Venereal Diseases in New Zealand (1922) eBook

This eBook from the Gutenberg Project consists of approximately 83 pages of information about Venereal Diseases in New Zealand (1922).

The Committee recommend that the serving of notices, &c., under these sections be done by officers of the Health Department and not by the police.  They also recommend that all proceedings taken under any Act having reference to venereal diseases should be heard in private unless the defendant applies for a hearing in open Court.

With regard to the effects of the actual operation of notification, examination, and isolation, the Commissioner of Public Health for West Australia, under date 25th August, 1922, advises the Committee that there is an increase in the number of cases attending public clinics, and that this is regarded not as evidence of increased incidence, but of increased interest and appreciation of early treatment by those suffering from the diseases.

SECTION 7.—­MARRIAGE CERTIFICATE OF HEALTH.

The Royal Commission on Venereal Disease reported that there was a vast amount of ignorance as to the dangers arising from the sexual intercourse of married persons one of whom had previously to the marriage contracted syphilis or gonorrhoea.  The effect upon the birth-rate, and the misery caused during married life, and in many cases to the offspring who survive, as they pointed out, are most serious, and the fact that the actual cause of the trouble often remains unknown and unrecognized prevents the calamity from serving the purpose of example or warning.

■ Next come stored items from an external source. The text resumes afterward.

(* Let $f:\mathbb{R}^n\to\mathbb{R}$ be a continuous convex function, $X_0\in\mathbb{R}^n$ and $R>0$, and let $B(X_0,R)$ be the open ball centered at $X_0$ of radius $R$. Suppose there exists $\underline{d}>0$ such that for all $X\in B(X_0,R)$ and all $d_X\in\partial f(X)$ one has $\|d_X\|\ge \underline{d}$. Then there exist $X\in B(X_0,R)$ and $d_X\in\partial f(X)$ such that $$X-X_0=-\frac{R}{2}\cdot\frac{d_X}{\|d_X\|}.$$
   Context: $\partial f(X)$ denotes the subdifferential (set of subgradients) of the convex function $f$ at $X$. *)

From HB Require Import structures.
From mathcomp Require Import all_boot all_order all_algebra.
From mathcomp Require Import all_classical all_reals all_analysis.
Set Implicit Arguments. Unset Strict Implicit. Unset Printing Implicit Defensive.
Import Order.TTheory GRing.Theory Num.Theory.
Import numFieldTopology.Exports.
Local Open Scope ring_scope.

Definition dotv (R : realType) (n : nat) (u v : 'rV[R]_n) : R :=
  \sum_(i < n) u ord0 i * v ord0 i.

Definition enorm (R : realType) (n : nat) (u : 'rV[R]_n) : R :=
  Num.sqrt (dotv u u).

Definition in_open_ball (R : realType) (n : nat) (X0 : 'rV[R]_n) (r : R)
  (X : 'rV[R]_n) : Prop := enorm (X - X0) < r.

Definition convex_fun (R : realType) (n : nat) (f : 'rV[R]_n -> R) : Prop :=
  forall (x y : 'rV[R]_n) (t : R), 0 <= t -> t <= 1 ->
    f (t *: x + (1 - t) *: y) <= t * f x + (1 - t) * f y.

Definition subgradient (R : realType) (n : nat) (f : 'rV[R]_n -> R)
  (X d : 'rV[R]_n) : Prop :=
  forall Y : 'rV[R]_n, f X + dotv d (Y - X) <= f Y.

(* For t > 0 let P t minimise t f + |. - X0|^2 / 2 over the closed ball of
   radius r around X0.  Whenever P t lies in the open ball, (X0 - P t) / t is
   a subgradient of f at P t, of norm |P t - X0| / t.  Strong convexity of the
   objective makes t |-> |P t - X0|^2 continuous; it tends to 0 with t, and at
   t = (r/2) / dl it is at least (r/2)^2, for otherwise the subgradient at P t
   would have norm below dl.  The intermediate value theorem yields t with
   |P t - X0| = r/2, and X = P t, d = (X0 - X) / t are as required. *)

From HB Require Import structures.
From mathcomp Require Import all_boot all_order all_algebra.
From mathcomp Require Import all_classical all_reals all_analysis.
From mathcomp Require Import ring lra.
Import Order.TTheory GRing.Theory Num.Theory.
Import numFieldTopology.Exports.
Set Implicit Arguments.
Unset Strict Implicit.
Unset Printing Implicit Defensive.
Local Open Scope ring_scope.

Section RealFacts.
Variable R : realFieldType.
Implicit Types a b m x y : R.

Lemma ler_of_small_slack a b m :
  (forall s, 0 < s -> s <= 1 -> a <= b + s * m) -> a <= b.
Proof.
move=> h; apply/ler_addgt0Pr => e e0.
have m1 : 0 < `|m| + 1 by rewrite ltr_wpDl.
set s := Num.min 1 (e / (`|m| + 1)).
have s0 : 0 < s by rewrite lt_min ltr01 divr_gt0.
have se : s * `|m| + s <= e.
  by rewrite -[s in _ + s]mulr1 -mulrDr -ler_pdivlMr // ge_min lexx orbT.
have sm : s * m <= s * `|m| by apply: ler_wpM2l; [exact: ltW | exact: ler_norm].
have s1 : s <= 1 by rewrite ge_min lexx.
by apply: le_trans (h s s0 s1) _; lra.
Qed.

Lemma dist_maxr_le x y a : `|Num.max x a - Num.max y a| <= `|x - y|.
Proof.
have h1 := ler_norm (x - y); have := ler_norm (y - x); rewrite distrC => h2.
by rewrite !maxEle ler_norml; case: (leP x a); case: (leP y a) => *;
  apply/andP; split; lra.
Qed.
End RealFacts.

Section Euclidean.
Variables (R : realType) (n : nat).
Implicit Types (u v X Y Z : 'rV[R]_n) (a s : R).

Definition sqdist X Y := dotv (X - Y) (X - Y).

Lemma dotvZl a u v : dotv (a *: u) v = a * dotv u v.
Proof.
by rewrite /dotv mulr_sumr; apply: eq_bigr => i _; rewrite mxE mulrA.
Qed.

Lemma dotvZr a u v : dotv u (a *: v) = a * dotv u v.
Proof.
by rewrite /dotv mulr_sumr; apply: eq_bigr => i _; rewrite mxE mulrCA.
Qed.

Lemma sqr_coord_le_dotv u i : u ord0 i ^+ 2 <= dotv u u.
Proof.
rewrite /dotv (bigD1 i) //= -expr2 lerDl.
by apply: sumr_ge0 => j _; rewrite -expr2 sqr_ge0.
Qed.

Lemma sqdist_ge0 X Y : 0 <= sqdist X Y.
Proof. by apply: sumr_ge0 => i _; rewrite -expr2 sqr_ge0. Qed.

Lemma sqdistxx X : sqdist X X = 0.
Proof. by rewrite /sqdist subrr /dotv big1 // => i _; rewrite mxE mul0r. Qed.

Lemma sqdistC X Y : sqdist X Y = sqdist Y X.
Proof. by rewrite /sqdist /dotv; apply: eq_bigr => i _; rewrite !mxE; ring. Qed.

Lemma enormB X Y : enorm (X - Y) = Num.sqrt (sqdist X Y).
Proof. by []. Qed.

Lemma enormZ a u : enorm (a *: u) = `|a| * enorm u.
Proof.
by rewrite /enorm dotvZl dotvZr mulrA -expr2 sqrtrM ?sqr_ge0 // sqrtr_sqr.
Qed.

Lemma normr_le_enorm u : `|u| <= enorm u.
Proof.
rewrite [leLHS]/Num.norm /= mx_normrE.
apply: bigmax_le => [|[i j] _ /=]; first exact: sqrtr_ge0.
by rewrite (ord1 i) -sqrtr_sqr ler_wsqrtr // sqr_coord_le_dotv.
Qed.

Lemma sqdist_convex_comb X Y Z s :
  sqdist (s *: Y + (1 - s) *: Z) X =
  s * sqdist Y X + (1 - s) * sqdist Z X - s * (1 - s) * sqdist Y Z.
Proof.
rewrite /sqdist /dotv !mulr_sumr -!big_split -sumrN -big_split /=.
by apply: eq_bigr => i _; rewrite !mxE; ring.
Qed.

Lemma dotv_sqdist X Y Z :
  2 * dotv (X - Z) (Y - Z) = sqdist X Z + sqdist Y Z - sqdist X Y.
Proof.
rewrite /sqdist /dotv mulr_sumr -sumrN -!big_split /=.
by apply: eq_bigr => i _; rewrite !mxE; ring.
Qed.

Lemma sqdist_ball_convex X Y Z c s : 0 <= s <= 1 ->
  sqdist Y X <= c -> sqdist Z X <= c -> sqdist (s *: Y + (1 - s) *: Z) X <= c.
Proof.
move=> /andP[s0 s1] hY hZ; rewrite sqdist_convex_comb.
have hYZ : 0 <= s * (1 - s) * sqdist Y Z.
  by rewrite !mulr_ge0 ?sqdist_ge0 ?subr_ge0.
have : s * sqdist Y X <= s * c by rewrite ler_wpM2l.
have : (1 - s) * sqdist Z X <= (1 - s) * c by rewrite ler_wpM2l ?subr_ge0.
lra.
Qed.

Lemma exists_segment_in_ball X Y Z c : sqdist Z X < c ->
  exists2 s, 0 < s <= 1 & sqdist (s *: Y + (1 - s) *: Z) X <= c.
Proof.
move=> hZ; set s := Num.min 1 ((c - sqdist Z X) / (sqdist Y X + 1)).
have hY := sqdist_ge0 Y X.
have s0 : 0 < s by rewrite lt_min ltr01 divr_gt0 ?subr_gt0 //; lra.
have s1 : s <= 1 by rewrite ge_min lexx.
have sY : s * (sqdist Y X + 1) <= c - sqdist Z X.
  by rewrite -ler_pdivlMr ?ge_min ?lexx ?orbT //; lra.
exists s; first by rewrite s0.
rewrite sqdist_convex_comb.
have : 0 <= s * (1 - s) * sqdist Y Z.
  by rewrite !mulr_ge0 ?sqdist_ge0 ?subr_ge0 // ltW.
have : 0 <= s * sqdist Z X by rewrite mulr_ge0 ?sqdist_ge0 // ltW.
nra.
Qed.

Lemma continuous_sqdist X : continuous (sqdist^~ X).
Proof.
rewrite /sqdist /dotv.
apply: (@continuous_big _ _ +%R 0 xpredT) => [|i _ Y].
  exact: add_continuous.
have coordB : {for Y, continuous (fun Z : 'rV[R]_n => (Z - X) ord0 i)}.
  apply: (@continuous_comp _ _ _ (fun Z => Z - X) (fun M => M ord0 i)).
    exact: (@continuousB R _ _ (fun Z : 'rV[R]_n => Z) (fun=> X) Y cvg_id
      (@cst_continuous _ _ X Y)).
  exact: coord_continuous.
exact: (continuousM coordB coordB).
Qed.

Local Open Scope classical_set_scope.

Lemma compact_ball X c : compact [set Y | sqdist Y X <= c].
Proof.
apply: bounded_closed_compact.
  rewrite /bounded_near /=; near=> M => Y /= hY.
  apply: (@le_trans _ _ (`|X| + Num.sqrt c)); last first.
    by near: M; apply: nbhs_pinfty_ge; rewrite num_real.
  rewrite -[Y](subrK X) (le_trans (ler_normD _ _)) // addrC lerD2l.
  exact: le_trans (normr_le_enorm _) (ler_wsqrtr hY).
apply: (@preimage_closed _ _ (sqdist^~ X) [set x | x <= c]) => [Y _|].
  exact: continuous_sqdist.
exact: closed_le.
Unshelve. all: by end_near.
Qed.

Lemma exists_min_in_ball (g : 'rV[R]_n -> R) X c : continuous g -> 0 <= c ->
  exists2 p, sqdist p X <= c & forall Y, sqdist Y X <= c -> g p <= g Y.
Proof.
move=> gC c0; have [|||p] := @EVT_min_rV R n g [set Y | sqdist Y X <= c].
- by exists X; rewrite /= sqdistxx.
- exact: compact_ball.
- exact: continuous_subspaceT.
by rewrite inE => pK pmin; exists p => // Y KY; apply: pmin; rewrite inE.
Qed.

Lemma continuous_of_sqdist_le (g : R -> 'rV[R]_n) k :
  (forall x y, sqdist (g x) (g y) <= k * `|x - y|) -> continuous g.
Proof.
move=> hg x; apply/cvgrPdist_lt => e e0.
have k1 : 0 < `|k| + 1 by rewrite ltr_wpDl.
apply/nbhs_ballP; exists (e ^+ 2 / (`|k| + 1)).
  by rewrite /= divr_gt0 ?exprn_gt0.
move=> y; rewrite /ball /= ltr_pdivlMr // => xy.
apply: le_lt_trans (normr_le_enorm _) _.
rewrite -(ger0_norm (ltW e0)) -sqrtr_sqr ltr_sqrt ?exprn_gt0 //.
apply: le_lt_trans (hg x y) _; apply: le_lt_trans xy; rewrite mulrC.
by apply: ler_wpM2l; rewrite ?normr_ge0 // (le_trans (ler_norm k)) ?lerDl.
Qed.

End Euclidean.

Section Prox.
Variables (R : realType) (n : nat) (f : 'rV[R]_n -> R) (X0 : 'rV[R]_n) (c : R).
Hypothesis f_convex : convex_fun f.
Implicit Types (p q Y Z : 'rV[R]_n) (s t : R).

Definition prox_obj t Y := t * f Y + sqdist Y X0 / 2.

Definition is_prox t p :=
  sqdist p X0 <= c /\
  forall Y, sqdist Y X0 <= c -> prox_obj t p <= prox_obj t Y.

Lemma prox_obj_convex_comb t s Y Z : 0 <= t -> 0 <= s <= 1 ->
  prox_obj t (s *: Y + (1 - s) *: Z) <=
  s * prox_obj t Y + (1 - s) * prox_obj t Z - s * (1 - s) * sqdist Y Z / 2.
Proof.
move=> t0 /andP[s0 s1]; rewrite /prox_obj sqdist_convex_comb.
have := ler_wpM2l t0 (f_convex Y Z s0 s1); lra.
Qed.

Lemma is_prox_growth t p Y : 0 <= t -> is_prox t p -> sqdist Y X0 <= c ->
  prox_obj t p + sqdist Y p / 2 <= prox_obj t Y.
Proof.
move=> t0 [pK pmin] YK; apply: (@ler_of_small_slack _ _ _ (sqdist Y p / 2)).
move=> s s0 s1; have s01 : 0 <= s <= 1 by rewrite ltW.
have := pmin _ (sqdist_ball_convex s01 YK pK).
have := prox_obj_convex_comb Y p t0 s01 => h1 h2.
have : s * (prox_obj t p + sqdist Y p / 2) <=
       s * (prox_obj t Y + s * (sqdist Y p / 2)) by lra.
by rewrite ler_pM2l.
Qed.

Lemma is_prox_variational t p Y : 0 <= t -> is_prox t p -> sqdist Y X0 <= c ->
  dotv (X0 - p) (Y - p) <= t * (f Y - f p).
Proof.
move=> t0 pP YK; have := is_prox_growth t0 pP YK.
have := dotv_sqdist X0 Y p; rewrite /prox_obj (sqdistC X0 p) (sqdistC X0 Y).
lra.
Qed.

Lemma is_prox_subgradient t p : 0 < t -> is_prox t p -> sqdist p X0 < c ->
  subgradient f p (t^-1 *: (X0 - p)).
Proof.
move=> t0 pP pint Y; rewrite dotvZl.
have [s /andP[s0 s1] ZK] := exists_segment_in_ball Y pint.
have := is_prox_variational (ltW t0) pP ZK.
have -> : s *: Y + (1 - s) *: p - p = s *: (Y - p).
  by apply/matrixP => i j; rewrite !mxE; ring.
rewrite dotvZr => hZ.
have hY : dotv (X0 - p) (Y - p) <= t * (f Y - f p).
  have := ler_wpM2l (ltW t0) (f_convex Y p (ltW s0) s1).
  by move=> hconv; rewrite -(ler_pM2l s0); lra.
have ti : 0 <= t^-1 by rewrite invr_ge0 ltW.
have := ler_wpM2l ti hY; rewrite mulKf ?gt_eqF //; lra.
Qed.

Lemma is_prox_sqdist_le s t p q :
  0 <= s -> 0 <= t -> is_prox s p -> is_prox t q ->
  sqdist p q * (s + t) <= (t - s) * (sqdist q X0 - sqdist p X0).
Proof.
move=> s0 t0 pP qP.
have := ler_wpM2l t0 (is_prox_growth s0 pP qP.1).
have := ler_wpM2l s0 (is_prox_growth t0 qP pP.1).
rewrite /prox_obj (sqdistC q p); lra.
Qed.

Lemma is_prox_sqdist_center_le t p m : 0 <= c -> 0 <= t -> is_prox t p ->
  (forall Y, sqdist Y X0 <= c -> m <= f Y) -> sqdist p X0 <= 2 * t * (f X0 - m).
Proof.
move=> c0 t0 [pK pmin] fm.
have := pmin X0; rewrite /prox_obj sqdistxx => /(_ c0).
have := ler_wpM2l t0 (fm p pK); lra.
Qed.

Lemma exists_prox_path :
  continuous f -> 0 <= c -> exists P, forall t, is_prox t (P t).
Proof.
move=> f_cont c0; suff /choice[P P_prox] t : exists p, is_prox t p by exists P.
have objC : continuous (prox_obj t).
  move=> Y.
  apply: (@continuousD _ R^o _ (fun Y => t * f Y) (fun Y => sqdist Y X0 / 2)).
    by apply: continuousM; [exact: cst_continuous | exact: f_cont].
  by apply: continuousM; [exact: continuous_sqdist | exact: cst_continuous].
by have [p pK pmin] := exists_min_in_ball X0 objC c0; exists p.
Qed.

Variable P : R -> 'rV[R]_n.
Hypothesis P_prox : forall t, is_prox t (P t).

(* The path is only 1/2-Hoelder away from t = 0; clamping the parameter at a
   keeps it there. *)
Lemma continuous_prox_path (a : R) :
  0 < a -> continuous (fun x : R => P (Num.max x a)).
Proof.
move=> a0; apply: (@continuous_of_sqdist_le _ _ _ (c / a)) => x y.
set s := Num.max x a; set t := Num.max y a.
have [[sK _] [tK _]] := (P_prox s, P_prox t).
have as_ : a <= s by rewrite le_max lexx orbT.
have at_ : a <= t by rewrite le_max lexx orbT.
have hP := is_prox_sqdist_le (le_trans (ltW a0) as_) (le_trans (ltW a0) at_)
  (P_prox s) (P_prox t).
have hq : `|sqdist (P t) X0 - sqdist (P s) X0| <= c.
  have := sqdist_ge0 (P t) X0; have := sqdist_ge0 (P s) X0.
  by rewrite ler_norml => *; apply/andP; split; lra.
have hts : (t - s) * (sqdist (P t) X0 - sqdist (P s) X0) <= `|x - y| * c.
  apply: le_trans (ler_norm _) _; rewrite normrM distrC.
  by apply: ler_pM; rewrite ?normr_ge0 // dist_maxr_le.
have hD : sqdist (P s) (P t) * a <= sqdist (P s) (P t) * (s + t).
  by apply: ler_wpM2l; rewrite ?sqdist_ge0 //; lra.
by rewrite mulrAC ler_pdivlMr // mulrC; lra.
Qed.

Lemma prox_path_sqdist_ivt v t1 : continuous f -> 0 <= c -> 0 < v -> 0 < t1 ->
  v <= sqdist (P t1) X0 -> exists2 t, 0 < t & sqdist (P t) X0 = v.
Proof.
move=> f_cont c0 v0 t10 vt1.
have [pm _ pm_min] := exists_min_in_ball X0 f_cont c0.
have C0 : 0 <= f X0 - f pm by rewrite subr_ge0 pm_min // sqdistxx.
set a := Num.min t1 (v / (2 * (f X0 - f pm) + 1)).
have C1 : 0 < 2 * (f X0 - f pm) + 1 by lra.
have a0 : 0 < a by rewrite lt_min t10 divr_gt0.
have a_t1 : a <= t1 by rewrite ge_min lexx.
have av : a * (2 * (f X0 - f pm) + 1) <= v.
  by rewrite -ler_pdivlMr // ge_min lexx orbT.
have va : sqdist (P a) X0 <= v.
  have := is_prox_sqdist_center_le c0 (ltW a0) (P_prox a) pm_min; nra.
pose G := (fun Y => sqdist Y X0) \o (fun x : R => P (Num.max x a)).
have G_cont : continuous G.
  move=> x; apply: continuous_comp; first exact: continuous_prox_path.
  exact: continuous_sqdist.
have [x _ Gx] : exists2 x, x \in `[a, t1] & G x = v.
  apply: (IVT a_t1 (continuous_subspaceT G_cont)).
  by rewrite /G /= maxxx (max_l a_t1) ge_min le_max va vt1 orbT.
by exists (Num.max x a); rewrite // lt_max a0 orbT.
Qed.

Lemma prox_path_escapes dl rho : 0 < dl -> 0 < rho -> rho ^+ 2 <= c ->
  (forall X d, sqdist X X0 < rho ^+ 2 -> subgradient f X d -> dl <= enorm d) ->
  rho ^+ 2 <= sqdist (P (rho / dl)) X0.
Proof.
move=> dl0 rho0 rho_c dl_le; rewrite leNgt; apply/negP => near.
have t0 : 0 < rho / dl by rewrite divr_gt0.
have := dl_le _ _ near
  (is_prox_subgradient t0 (P_prox _) (lt_le_trans near rho_c)).
have sq_lt : Num.sqrt (sqdist (P (rho / dl)) X0) < rho.
  by rewrite -[ltRHS](ger0_norm (ltW rho0)) -sqrtr_sqr ltr_sqrt ?exprn_gt0.
rewrite enormZ ger0_norm; last by rewrite invr_ge0 ltW.
rewrite invf_div enormB sqdistC.
by rewrite mulrAC ler_pdivlMr // ler_pM2l // leNgt sq_lt.
Qed.
End Prox.

Theorem lemma2p2 (R : realType) (n : nat) (f : 'rV[R]_n -> R)
  (X0 : 'rV[R]_n) (r : R) :
  convex_fun f -> continuous f -> 0 < r ->
  (exists dl : R, 0 < dl /\
     forall X d : 'rV[R]_n, in_open_ball X0 r X -> subgradient f X d ->
       dl <= enorm d) ->
  exists X d : 'rV[R]_n,
    [/\ in_open_ball X0 r X, subgradient f X d &
        X - X0 = - ((r / 2) *: ((enorm d)^-1 *: d))].
Proof.
move=> f_convex f_cont r0 [dl [dl0 dl_le]].
set rho := r / 2; have rho0 : 0 < rho by rewrite divr_gt0.
have rho_r : rho ^+ 2 < r ^+ 2 by rewrite /rho !expr2; nra.
have in_ball X : sqdist X X0 <= rho ^+ 2 -> in_open_ball X0 r X.
  move=> hX; rewrite /in_open_ball enormB (@le_lt_trans _ _ rho) //.
    by rewrite -[leRHS](ger0_norm (ltW rho0)) -sqrtr_sqr ler_wsqrtr.
  by rewrite /rho; lra.
have [P P_prox] := exists_prox_path X0 f_cont (sqr_ge0 r).
have escape := prox_path_escapes f_convex P_prox dl0 rho0 (ltW rho_r)
  (fun X d hX => dl_le X d (in_ball X (ltW hX))).
have [t t0 Pt] := prox_path_sqdist_ivt f_convex P_prox f_cont (sqr_ge0 r)
  (exprn_gt0 2 rho0) (divr_gt0 rho0 dl0) escape.
exists (P t), (t^-1 *: (X0 - P t)); split.
- by apply: in_ball; rewrite Pt.
- by apply: is_prox_subgradient; rewrite ?Pt.
rewrite enormZ enormB sqdistC Pt sqrtr_sqr !ger0_norm ?invr_ge0 1?ltW //.
rewrite !scalerA -/rho (_ : _ * _ * _ = 1) ?scale1r ?opprB //.
by field; rewrite !gt_eqF.
Qed.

Some of the witnesses heard before the present Committee have urged that a certificate of good health, or at least a certificate of freedom from communicable disease, should be required from each party to a proposed marriage before the Registrar issued a license to marry.  The Royal Commission considered that “it would not be possible at present to organize a satisfactory method of certification of fitness for marriage.”  The National Birth-rate Commission, however, reported that in their opinion the question should be reconsidered with a view to legislation.

There is much to be said in favour of such a proposal from the point of view of national health.  If the system were adopted the certificate should, in the opinion of the present Committee, include freedom from mental disease as well as freedom from communicable disease.  But there are manifest difficulties in the way, chiefly in regard to the delicate and searching examination which would be required in the case of women before a doctor could certify positively to the absence of communicable disease.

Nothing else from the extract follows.